Each line in the entries below that holds the string "fendo" is to be listed.

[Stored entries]
+ + + + +

(* In the setting below, let $f_1,\dots,f_n$ be $x$-monomials $f_i=a_ix_1^{b_{i1}}\cdots x_n^{b_{in}}$ with $a_i\in K_w[\mathcal G]$ nonzero and $\det(b_{ij})\ne0$, and let $\Phi(\mathbf x)=\sum_{\mathbf k}\phi_{\mathbf k}\mathbf x^{\mathbf k}\in K_w^{\mathbf f}[\mathcal G\oplus\mathcal H]$. Then $\Phi(f_1,\dots,f_n)$ exists in $K_w[\mathcal G\oplus\mathcal H]$ and $$\mathop{\mathrm{CT}}_{\mathbf x}\Phi(f_1,\dots,f_n)=\mathop{\mathrm{CT}}_{f_1,\dots,f_n}\Phi(f_1,\dots,f_n)=\phi_{\mathbf 0}.$$
   Context: $K$ a field; $\mathcal G\oplus\mathcal H$ a totally ordered abelian group (translation-invariant total order) with $\mathcal H\cong\mathbb Z^n$ with basis $e_1,\dots,e_n$, $x_i=t^{e_i}$; $K_w[\cdot]$ denotes Malcev–Neumann series (formal series with well-ordered support); elements of $K_w[\mathcal G\oplus\mathcal H]$ are written $\sum_{\mathbf k}b_{\mathbf k}\mathbf x^{\mathbf k}$, $b_{\mathbf k}\in K_w[\mathcal G]$, and $\mathop{\mathrm{CT}}_{\mathbf x}$ extracts $b_{\mathbf 0}$. An $x$-monomial is a series with exactly one nonzero term $b_{\mathbf k}\mathbf x^{\mathbf k}$. If the initial (least-order) term of $f_i$ is $c_it^{g_i}\mathbf x^{\mathbf b_i}$ ($c_i\in K$, $g_i\in\mathcal G$), $\mathbf f$ denotes the injective endomorphism of $\mathcal G\oplus\mathcal H$ fixing $\mathcal G$ with $e_i\mapsto g_i+\sum_jb_{ij}e_j$, and $K_w^{\mathbf f}[\mathcal G\oplus\mathcal H]$ is the field of formal series whose support is well-ordered for the order $a\le^{\mathbf f}b\iff\mathbf f(a)\le\mathbf f(b)$. $\mathop{\mathrm{CT}}_{f_1,\dots,f_n}\Phi(f_1,\dots,f_n)$ denotes the coefficient $\phi_{\mathbf 0}$ of $\Phi(\mathbf x)$ viewed in $K_w^{\mathbf f}[\mathcal G\oplus\mathcal H]$; $\Phi(f_1,\dots,f_n)=\sum_{\mathbf k}\phi_{\mathbf k}f_1^{k_1}\cdots f_n^{k_n}$. *)

(* Malcev–Neumann series are modelled as coefficient functions
   Γ -> K on Γ = G ⊕ Z^n, encoded as G * 'rV[int]_n, with well-ordered support. *)
From HB Require Import structures.
From mathcomp Require Import all_boot all_order all_algebra.
Set Implicit Arguments. Unset Strict Implicit. Unset Printing Implicit Defensive.
Import Order.TTheory GRing.Theory Num.Theory.
Local Open Scope ring_scope.

Definition wellordered (T : Type) (le : rel T) (A : T -> Prop) : Prop :=
  forall B : T -> Prop, (forall x, B x -> A x) -> (exists x, B x) ->
    exists m, B m /\ forall y, B y -> le m y.

Definition supp (T : Type) (K : nzRingType) (s : T -> K) : T -> Prop :=
  fun t => s t != 0.

Definition sums (I : eqType) (T : Type) (K : nzRingType)
  (F : I -> T -> K) (S : T -> K) : Prop :=
  forall t, exists s : seq I, [/\ uniq s, (forall i, F i t != 0 -> i \in s)
                                 & S t = \sum_(i <- s) F i t].

Definition mulser (G : zmodType) (K : nzRingType) (a b c : G -> K) : Prop :=
  sums (fun h g => a h * b (g - h)) c.

Definition oneser (G : zmodType) (K : nzRingType) : G -> K :=
  fun g => if g == 0 then 1 else 0.

Definition leG (G : zmodType) (n : nat) (le : rel (G * 'rV[int]_n)) : rel G :=
  fun g h => le (g, 0) (h, 0).

Definition tot_ord_group (G : zmodType) (n : nat) (le : rel (G * 'rV[int]_n)) : Prop :=
  [/\ (forall x y, le x y -> le y x -> x = y),
      (forall x y z, le x y -> le y z -> le x z),
      (forall x y, le x y || le y x)
    & (forall x y z, le x y -> le (x.1 + z.1, x.2 + z.2) (y.1 + z.1, y.2 + z.2))].

Definition evec (n : nat) (i : 'I_n) : 'rV[int]_n := delta_mx 0 i.

(* P k = a_1^{k_1} ... a_n^{k_n} in K_w[G] (k in Z^n): P 0 = 1,
   P (k + e_i) = P k * a_i, all P k in K_w[G]. *)
Definition powfam (G : zmodType) (K : fieldType) (n : nat)
  (le : rel (G * 'rV[int]_n)) (a : 'I_n -> G -> K) (P : 'rV[int]_n -> G -> K) : Prop :=
  [/\ P 0 = @oneser G K,
      (forall k i, mulser (P k) (a i) (P (k + evec i)))
    & (forall k, wellordered (leG le) (supp (P k)))].

Definition fendo (G : zmodType) (n : nat) (gmin : 'I_n -> G) (B : 'M[int]_n)
  (x : G * 'rV[int]_n) : G * 'rV[int]_n :=
  (x.1 + \sum_(i < n) gmin i *~ (x.2 0 i), x.2 *m B).

Definition lef (G : zmodType) (n : nat) (le : rel (G * 'rV[int]_n))
  (gmin : 'I_n -> G) (B : 'M[int]_n) : rel (G * 'rV[int]_n) :=
  fun x y => le (fendo gmin B x) (fendo gmin B y).

(* the term phi_k f^k = (phi_k * P_k) x^{kB} as a series on G ⊕ Z^n,
   where C k = phi_k * P_k in K_w[G] *)
Definition term (G : zmodType) (K : fieldType) (n : nat) (B : 'M[int]_n)
  (C : 'rV[int]_n -> G -> K) (k : 'rV[int]_n) : G * 'rV[int]_n -> K :=
  fun x => if x.2 == k *m B then C k x.1 else 0.

(* Each a_i factors as c_i t^(g_i) (1 - u_i) with u_i supported on strictly
   positive exponents.  By Neumann's lemma the monoid <A> generated by the
   exponents A of all the u_i is well-ordered and every element of it is a sum
   of elements of A of boundedly many lengths, so sum_m u_i^m makes sense and
   K_w[G] is a field.  Any family P with P_{k+e_i} = P_k a_i is then the family
   of powers a^k, whose support lies in (sum_i k_i g_i) + <A>.  Hence the terms
   phi_k a^k x^(kB) have their supports in f(supp Phi) + (<A> x 0), a sum of two
   well-ordered sets, and since B is injective the x-exponent 0 only comes from
   k = 0, where a^0 = 1. *)

From HB Require Import structures.
From mathcomp Require Import all_boot all_order all_algebra.
From mathcomp Require Import boolp classical_sets fsbigop.
Set Implicit Arguments. Unset Strict Implicit. Unset Printing Implicit Defensive.
Import Order.TTheory GRing.Theory Num.Theory.
Local Open Scope classical_set_scope.
Local Open Scope ring_scope.

(** * Ordered abelian groups and well-ordered subsets *)

Lemma wellordered_sub (T : Type) (L : rel T) (A B : set T) :
  wellordered L A -> B `<=` A -> wellordered L B.
Proof. by move=> woA BA C CB; apply: woA => x /CB /BA. Qed.

Lemma wellordered_image (T U : Type) (L : rel U) (f : T -> U) (A : set T) :
  wellordered (fun x y => L (f x) (f y)) A -> wellordered L (f @` A).
Proof.
move=> woA C CfA [z Cz]; have [x Ax ez] := CfA _ Cz; subst z.
have [m [[Am Cfm] minm]] :=
  woA [set x | A x /\ C (f x)] (fun x h => proj1 h) (ex_intro _ x (conj Ax Cz)).
exists (f m); split => // w Cw; have [y Ay ew] := CfA _ Cw; subst w; exact: minm.
Qed.

Definition seq_cover (T : eqType) (S : set T) (s : seq T) :=
  uniq s /\ forall x, S x -> x \in s.

Section OrderedZmod.
Variables (T : zmodType) (L : rel T).

Definition ordered_zmod := [/\ (forall x y, L x y -> L y x -> x = y),
  (forall x y z, L x y -> L y z -> L x z), (forall x y, L x y || L y x)
  & (forall x y z, L x y -> L (x + z) (y + z))].

Definition strict x y := ~~ L y x.

Hypothesis HL : ordered_zmod.

Lemma oz_anti x y : L x y -> L y x -> x = y.
Proof. by case: HL => h _ _ _; apply: h. Qed.
Lemma oz_trans x y z : L x y -> L y z -> L x z.
Proof. by case: HL => _ h _ _; apply: h. Qed.
Lemma oz_total x y : L x y || L y x.
Proof. by case: HL => _ _ h _; apply: h. Qed.
Lemma oz_refl x : L x x.
Proof. by move: (oz_total x x); rewrite orbb. Qed.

+ + + + +

- Solution below -
Definition fendo (G : zmodType) (n : nat) (gmin : 'I_n -> G) (B : 'M[int]_n)
  fun x y => le (fendo gmin B x) (fendo gmin B y).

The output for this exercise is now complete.